O segredo de todos

1.

Sentou perto de mim, e não falou.

O motivo de estarmos constrangidos?

Calor. Excesso de sol. Excesso de verão. Excesso de silêncio. Excesso.

A luz, a sede. O suor do meu corpo incomoda. Vou repetir, detesto silêncio, estar imóvel, e esperar. Ter que escolher entre um amor, e outro amor. Um beijo, ou um abraço. Francisco importa. Fugir, abandonar lógica, ser feliz. Acompanhar o desejo ardido. Deveria entender, segundo minha avó, a importância de escolher Manoel. Não entendia.

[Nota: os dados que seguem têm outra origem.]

(* The operators are weighted shifts in the basis |k>, so each defining
   relation of A(Sigma^{2n+1}_q) is checked coefficientwise; the only non-local
   one, [y_i, y_i^*], rests on the telescoping identity
   sum_{k >= j} |ycoef_k|^2 = q^{2 W_j} - q^{2 W_n} for the weighted partial
   sums W_j of [wsum].  Irreducibility: in a closed invariant subspace
   containing a vector with a nonzero coordinate at k, lowering by the y_i
   moves that coordinate to the vacuum |0>; the powers of y_{n+1}^* y_{n+1},
   diagonal with eigenvalue 1 at |0> and at most q^2 elsewhere, converge to
   the projection onto |0>, so |0> is in the subspace; the raising operators
   y_i^* then produce every |k>, and finitely supported vectors are dense. *)

Section Indices.
Variable n : nat.
Implicit Types (m : idx n) (i j l : 'I_n).

Lemma incrE m i j : incr m i j = if j == i then (m j).+1 else m j.
Proof. by rewrite ffunE. Qed.

Lemma decrE m i j : decr m i j = if j == i then (m j).-1 else m j.
Proof. by rewrite ffunE. Qed.

Lemma incr_same m i : incr m i i = (m i).+1.
Proof. by rewrite incrE eqxx. Qed.

Lemma incr_other m i j : j != i -> incr m i j = m j.
Proof. by rewrite incrE => /negPf ->. Qed.

Lemma incrK m i : decr (incr m i) i = m.
Proof. by apply/ffunP => j; rewrite decrE incrE; case: eqP => // ->. Qed.
Definition minorant_strict_set : set ((R * R) * R) :=
  ([set a | (0 < a)%R] `*` [set x | (0 <= x)%R]) `*` [set y | (0 < y)%R].

Lemma measurable_minorant_strict_set : measurable minorant_strict_set.
Proof.
apply: measurableX; last exact: measurable_pos.
by apply: measurableX; [exact: measurable_pos|exact: measurable_nonneg].
Qed.

Lemma minorant_lt z : minorant_strict_set z -> minorant z < pos_powR (affine z).
Proof.
case: z => [[a x] y] [[/= a0 x0] /= y0].
rewrite /minorant /pos_powR /affine indicE mem_set /=; last exact: ltW.
have ax0 : (0 <= a * x)%R by rewrite mulr_ge0// ltW.
rewrite mule1 -EFinM lte_fin -powRM ?max0_ge0// (max_l (ltW a0)) (max_l x0).
rewrite max_l; last by rewrite addr_ge0// ltW.
apply: gt0_ltr_powR => //; last by rewrite ltrDl.
by rewrite nnegrE addr_ge0// ltW.
Qed.

Lemma minorant_strict_set_gt0 : 0 < Q minorant_strict_set.
Proof.
rewrite /minorant_strict_set product_measure1E; last 2 first.
- by apply: measurableX; [exact: measurable_pos|exact: measurable_nonneg].
- exact: measurable_pos.
rewrite /= product_measure1E; last 2 first.
- exact: measurable_pos.
- exact: measurable_nonneg.
rewrite [X in X * _ * _](_ : _ = 1); last exact: rho_pos.
rewrite [X in _ * X * _](_ : _ = 1); last exact: size_biased_law_nonneg.
by rewrite !mul1e; exact: probability_pos_gt0.
Qed.

Lemma integral_pos_powR_lt : \int[rho]_a pos_powR a * I_sb < I_sb.
Proof.
rewrite -integral_minorant [ltRHS]integral_pos_powR_size_biased.
apply: (lt_integral measurable_minorant_strict_set).
- exact: measurable_minorant.
- exact: measurableT_comp measurable_pos_powR measurable_affine.
- exact: minorant_ge0.
- exact: minorant_le.
- exact: minorant_lt.
- by [].
- exact: minorant_strict_set_gt0.
- rewrite -integral_pos_powR_size_biased.
  exact: integral_pos_powR_size_biased_lty.
Qed.

Lemma integral_powR_pos_powR :
  \int[rho]_a (a `^ p)%:E = \int[rho]_a pos_powR a.
Proof.
apply: ae_eq_integral => //.
- by apply/measurable_EFinP; exact: measurable_powR.
- exact: measurable_pos_powR.
exists (~` [set a | (0 < a)%R]); split.
- by apply: measurableC; exact: measurable_pos.
- by have := probability_setC rho (@measurable_pos R); rewrite rho_pos subee.
- by move=> a /= /not_implyP[_ qa] a0; apply: qa; rewrite /pos_powR max_l// ltW.
Qed.

Lemma powR_moment_lt1 : \int[rho]_a (a `^ p)%:E < 1.
Proof.
rewrite integral_powR_pos_powR ltNge; apply/negP => moment_ge1.
have := integral_pos_powR_lt; rewrite ltNge => /negP; apply.
rewrite -{1}(mul1e I_sb); apply: lee_wpmul2r moment_ge1.
by apply: integral_ge0 => x _; exact: pos_powR_ge0.
Qed.

End proposition1p2.

Theorem proposition1p2 (R : realType) (rho mu : probability R R) (p : R) :
  rho [set a : R | (0 < a)%R] = 1 ->
  solution_eq2 rho mu ->
  (0 < p)%R ->
  \int[mu]_x ((x `^ (p + 1))%:E) < +oo ->
  \int[rho]_a ((a `^ p)%:E) < 1.
Proof.
move=> rho_pos [mu_nonneg [mean_mu eq2]] p_gt0 moment_lty.
exact: (powR_moment_lt1 rho_pos mu_nonneg mean_mu eq2 p_gt0 moment_lty).
Qed.
(* Let $T$ be a Galton–Watson tree with finite alphabet $\mathbb{A}$ and offspring distribution $W$ with $m=\mathbb{E}|W|>1$. For integers $k,a>0$ define $g_{k,a}(s)=\mathbb{P}(Z_k^{(s)}<a)$ for $s\in[0,1]$. Let $(a_k)_{k\in\mathbb{N}}$ be positive integers with $\limsup_{k\to\infty}a_k^{1/k}<m$. Then $g_{k,a_k}(s)\to\mathbb{P}(\text{extinction})$ as $k\to\infty$, for every $s\in(0,1)$.
   Context: The Galton–Watson tree with offspring distribution $W$ (random subset of $\mathbb{A}$, $\mathbb{P}(i\in W)>0$ for all $i$) is $T_0=\{\emptyset\}$, $T_n=\{aj:a\in T_{n-1},j\in W_a\}$, $(W_a)$ independent copies of $W$; extinction means $T_n=\emptyset$ for some $n$. $T_k^{(s)}=T_k\cap Y$ where $Y\subseteq\mathbb{A}^k$ is independent of $T$ with $\mathbb{P}(Y=B)=(1-s)^{|B|}s^{|\mathbb{A}^k\setminus B|}$; $Z_k^{(s)}=|T_k^{(s)}|$. *)

From HB Require Import structures.
From mathcomp Require Import all_boot all_order all_algebra.
From mathcomp Require Import all_classical all_reals all_analysis.
Set Implicit Arguments. Unset Strict Implicit. Unset Printing Implicit Defensive.
Import Order.TTheory GRing.Theory Num.Theory.
Local Open Scope ring_scope.
Local Open Scope classical_set_scope.

(* Galton--Watson tree over a finite alphabet A, built from a family of
   offspring sets W : seq A -> Omega -> {set A} (W a = W_a, one per word a). *)
Fixpoint GW_level (A : finType) (Omega : Type) (W : seq A -> Omega -> {set A})
    (n : nat) (w : Omega) : {set n.-tuple A} :=
  match n return {set n.-tuple A} with
  | 0 => [set [tuple]]
  | n'.+1 => [set t : n'.+1.-tuple A |
      [exists a : n'.-tuple A, exists j : A,
        [&& a \in GW_level W n' w, j \in W (val a) w & val t == rcons (val a) j]]]
  end.

Definition GW_extinct (A : finType) (Omega : Type) (W : seq A -> Omega -> {set A})
  : set Omega := [set w | exists n, GW_level W n w = finset.set0].

Definition mean_offspring (R : realType) (A : finType) (p : {set A} -> R) : R :=
  \sum_(S : {set A}) p S * #|S|%:R.

(* (W_a)_a are independent, each with law p: for pairwise distinct words
   a_1..a_r and sets S_1..S_r, P(W_{a_i} = S_i for all i) = prod p(S_i). *)
Definition iid_offspring d (Omega : measurableType d) (R : realType)
  (P : probability Omega R) (A : finType) (p : {set A} -> R)
  (W : seq A -> Omega -> {set A}) : Prop :=
  forall l : seq (seq A * {set A}), uniq (map fst l) ->
    P [set w | forall x, x \in l -> W x.1 w = x.2] = (\prod_(x <- l) p x.2)%:E.

(* Y is independent of (W_a)_a and P(Y = B) = (1-s)^|B| s^|A^k \ B| *)
Definition site_percolation_indep d (Omega : measurableType d) (R : realType)
  (P : probability Omega R) (A : finType) (p : {set A} -> R)
  (W : seq A -> Omega -> {set A}) (s : R) (k : nat)
  (Y : Omega -> {set k.-tuple A}) : Prop :=
  forall (B : {set k.-tuple A}) (l : seq (seq A * {set A})), uniq (map fst l) ->
    P ([set w | Y w = B] `&` [set w | forall x, x \in l -> W x.1 w = x.2]) =
    ((1 - s) ^+ #|B| * s ^+ #|~: B| * \prod_(x <- l) p x.2)%:E.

Penso naquela tarde, e no dia seguinte. Penso nas palavras de tia Celina. Ouço sua voz repetindo ao meu ouvido enquanto me abraçava:  “Nenhum fato neste mundo tem tanta importância, a não ser a loucura da importância que lhe damos.”* Bebemos o suco da jarra vermelha, devorei os biscoitos da lata, e rimos enquanto eu contava, num fôlego, em detalhes, toda a história daquela tarde louca que rolamos Francisco e eu, aos beijos pelo gramado. Tiramos a roupa para examinar o corpo um do outro. E como estava alegre. Expliquei, com a boca cheia de bolacha, que a felicidade tinha este gosto de grama. Contei que Francisco dizia que o meu corpo tinha cheiro de manteiga. E foi como ser a Gabriela de Jorge Amado…

2.

Isabel mexeu o corpo, o vestido de algodão colou nas pernas. Embora as portas se abrissem para a varanda, e as venezianas fizessem um pouco de sombra, o sol era a única coisa estabelecida, acomodada naquela sala. Tudo o mais se traduzia em constrangimento. As labaredas do fogo subiam pelo pescoço das pessoas.